Еврейские погромы 1881–82 гг. разбили большую часть просветительских идеалов Фруга, хотя с некоторыми он не расстался до конца жизни. С начала 1880-х гг. Фруг активно участвовал в палестинофильском движении Хиббат Цион (Ховевей Цион) и стал властителем дум еврейской молодежи. По свидетельству С. Дубнова, билуйцы ехали в Эрец-Исраэль с «Еврейской мелодией» Фруга, как с «восторженным маршем исхода». Первый сборник «Стихотворения» (СПб., 1885) был высоко оценен еврейской и русской критикой (например, К. Арсеньев писал: «Библия дает ему материал для картин, для мечтаний, для снов, дает пищу и мстительному чувству, и мирным грезам об идеальном счастье...»). Следующие книги — «Думы и песни» (СПб., 1887), «Стихотворения 1881–1889» (т. 1, СПб., 1889) — упрочили литературные позиции Фруга (А. Скабичевский писал: «Один из самых симпатичных, искренних и, главное дело, истинных поэтов»), но почти не изменили его бедственного материального положения.
Несмотря на литературный успех (широко публиковался не только в русско-еврейских органах печати: «Рассвет», «Восход», «Русский еврей», «Еврейское обозрение», но и в известных российских изданиях: «Вестнике Европы», «Русском богатстве», «Русской мысли», «Неделе» и других), Фруг оставался в Петербурге на положении парии. В 1891 г. он был выдворен из столицы и до июля 1892 г. жил в Люстдорфе под Одессой, а затем, после усиленных хлопот поэта К. Случевского (имел придворное звание гофмейстера) и Литературного фонда, Фругу разрешили вновь поселиться в Петербурге.
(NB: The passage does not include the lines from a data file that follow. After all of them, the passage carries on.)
(* A sequence $X\in2^\omega$ is computable if and only if there exists a left-c.e. semi-measure $\rho$ such that $X$ is an atom of $\overline\rho$, i.e., $\lim_n\overline\rho(X{\upharpoonright}n)>0$.
   Context: $2^{<\omega}$ is the set of finite binary strings, $\varepsilon$ the empty string, $X{\upharpoonright}n$ the first $n$ bits of $X$. A semi-measure is $\rho:2^{<\omega}\to[0,1]$ with $\rho(\varepsilon)=1$ and $\rho(\sigma)\ge\rho(\sigma0)+\rho(\sigma1)$; left-c.e. means its values are uniformly approximable from below by computable non-decreasing rational sequences. $\overline\rho(\sigma)=\inf_{n\ge|\sigma|}\sum_{\tau\succeq\sigma,\,|\tau|=n}\rho(\tau)$, which defines a measure on $2^\omega$; $X$ is an atom of $\overline\rho$ if $\overline\rho(\{X\})>0$. *)

From Stdlib Require Import Reals List Arith.
From Coquelicot Require Import Coquelicot.
Import ListNotations.
Open Scope R_scope.

Inductive rec : Type :=
  | RZero : rec
  | RSucc : rec
  | RProj : nat -> rec
  | RComp : rec -> list rec -> rec
  | RPrim : rec -> rec -> rec
  | RMu   : rec -> rec.

Inductive eval : rec -> list nat -> nat -> Prop :=
  | ev_zero : forall v, eval RZero v 0
  | ev_succ : forall x v, eval RSucc (x :: v) (S x)
  | ev_proj : forall i v, (i < length v)%nat -> eval (RProj i) v (nth i v 0%nat)
  | ev_comp : forall f gs v ws y,
      evals gs v ws -> eval f ws y -> eval (RComp f gs) v y
  | ev_prim0 : forall f g v y, eval f v y -> eval (RPrim f g) (0%nat :: v) y
  | ev_primS : forall f g n v r y,
      eval (RPrim f g) (n :: v) r -> eval g (n :: r :: v) y ->
      eval (RPrim f g) (S n :: v) y
  | ev_mu : forall f v y,
      eval f (y :: v) 0%nat ->
      (forall z, (z < y)%nat -> exists k, eval f (z :: v) (S k)) ->
      eval (RMu f) v y
with evals : list rec -> list nat -> list nat -> Prop :=
  | evs_nil : forall v, evals [] v []
  | evs_cons : forall g gs v w ws,
      eval g v w -> evals gs v ws -> evals (g :: gs) v (w :: ws).

Definition computable1 (f : nat -> nat) : Prop :=
  exists c : rec, forall x, eval c [x] (f x).
Definition computable2 (f : nat -> nat -> nat) : Prop :=
  exists c : rec, forall x y, eval c [x; y] (f x y).

(** Bijective coding of finite binary strings by natural numbers. *)
Fixpoint code (s : list bool) : nat :=
  match s with
  | [] => 0%nat
  | b :: s' => (2 * code s' + (if b then 2 else 1))%nat
  end.

Definition computable_seq (X : nat -> bool) : Prop :=
  computable1 (fun n => if X n then 1%nat else 0%nat).

Definition prefix (X : nat -> bool) (n : nat) : list bool := map X (seq 0 n).

Definition semimeasure (rho : list bool -> R) : Prop :=
  rho [] = 1 /\
  (forall s, 0 <= rho s <= 1) /\
  (forall s, rho s >= rho (s ++ [false]) + rho (s ++ [true])).

(** The s-th approximation to rho(sigma) is the rational
    (P(c,s) - M(c,s)) / (D(c,s)+1), c = code sigma, with P, M, D computable. *)
Definition approx (P M D : nat -> nat -> nat) (s : list bool) (t : nat) : R :=
  (INR (P (code s) t) - INR (M (code s) t)) / INR (S (D (code s) t)).

Definition left_ce (rho : list bool -> R) : Prop :=
  exists P M D : nat -> nat -> nat,
    computable2 P /\ computable2 M /\ computable2 D /\
    forall s, (forall t, approx P M D s t <= approx P M D s (S t)) /\
              is_lim_seq (approx P M D s) (rho s).

(** [ext_sum rho s k] = sum of rho(tau) over all tau extending s with |tau| = |s|+k. *)
Fixpoint ext_sum (rho : list bool -> R) (s : list bool) (k : nat) : R :=
  match k with
  | O => rho s
  | S k' => ext_sum rho (s ++ [false]) k' + ext_sum rho (s ++ [true]) k'
  end.

Definition rhobar (rho : list bool -> R) (s : list bool) : R :=
  real (Inf_seq (fun k => Finite (ext_sum rho s k))).

Definition atom (rho : list bool -> R) (X : nat -> bool) : Prop :=
  exists l : R, 0 < l /\ is_lim_seq (fun n => rhobar rho (prefix X n)) l.

From Stdlib Require Import Reals List Lia Lra Arith Wf_nat.
From Coquelicot Require Import Coquelicot.
Import ListNotations.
С середины 1880-х гг. Фруг также много пишет на языке идиш (стихи и фельетоны публикует в журнале «Идишес фолксблат»), к которому в начальный период своего творчества относился с предубеждением. Многие стихи Фруга на идиш («Замд ун штерн» — «Песок и звезда», «Лид фун дер арбет» — «Песня о труде», и другие), а также на русском языке пользовались популярностью и были переложены на музыку. В стихотворении «Ди вилде тойб» («Дикий голубь») Фруг отразил тщетность своих юношеских попыток войти как равный в русскую поэзию. В 1896 г. вышел сборник его стихотворений на идиш «Лидер ун геданкен» («Стихи и мысли»), в 1904 г. редакция петербургской газеты «Фрайнд» выпустила в двух томах Полное собрание стихотворений Фруга, написанных на идиш.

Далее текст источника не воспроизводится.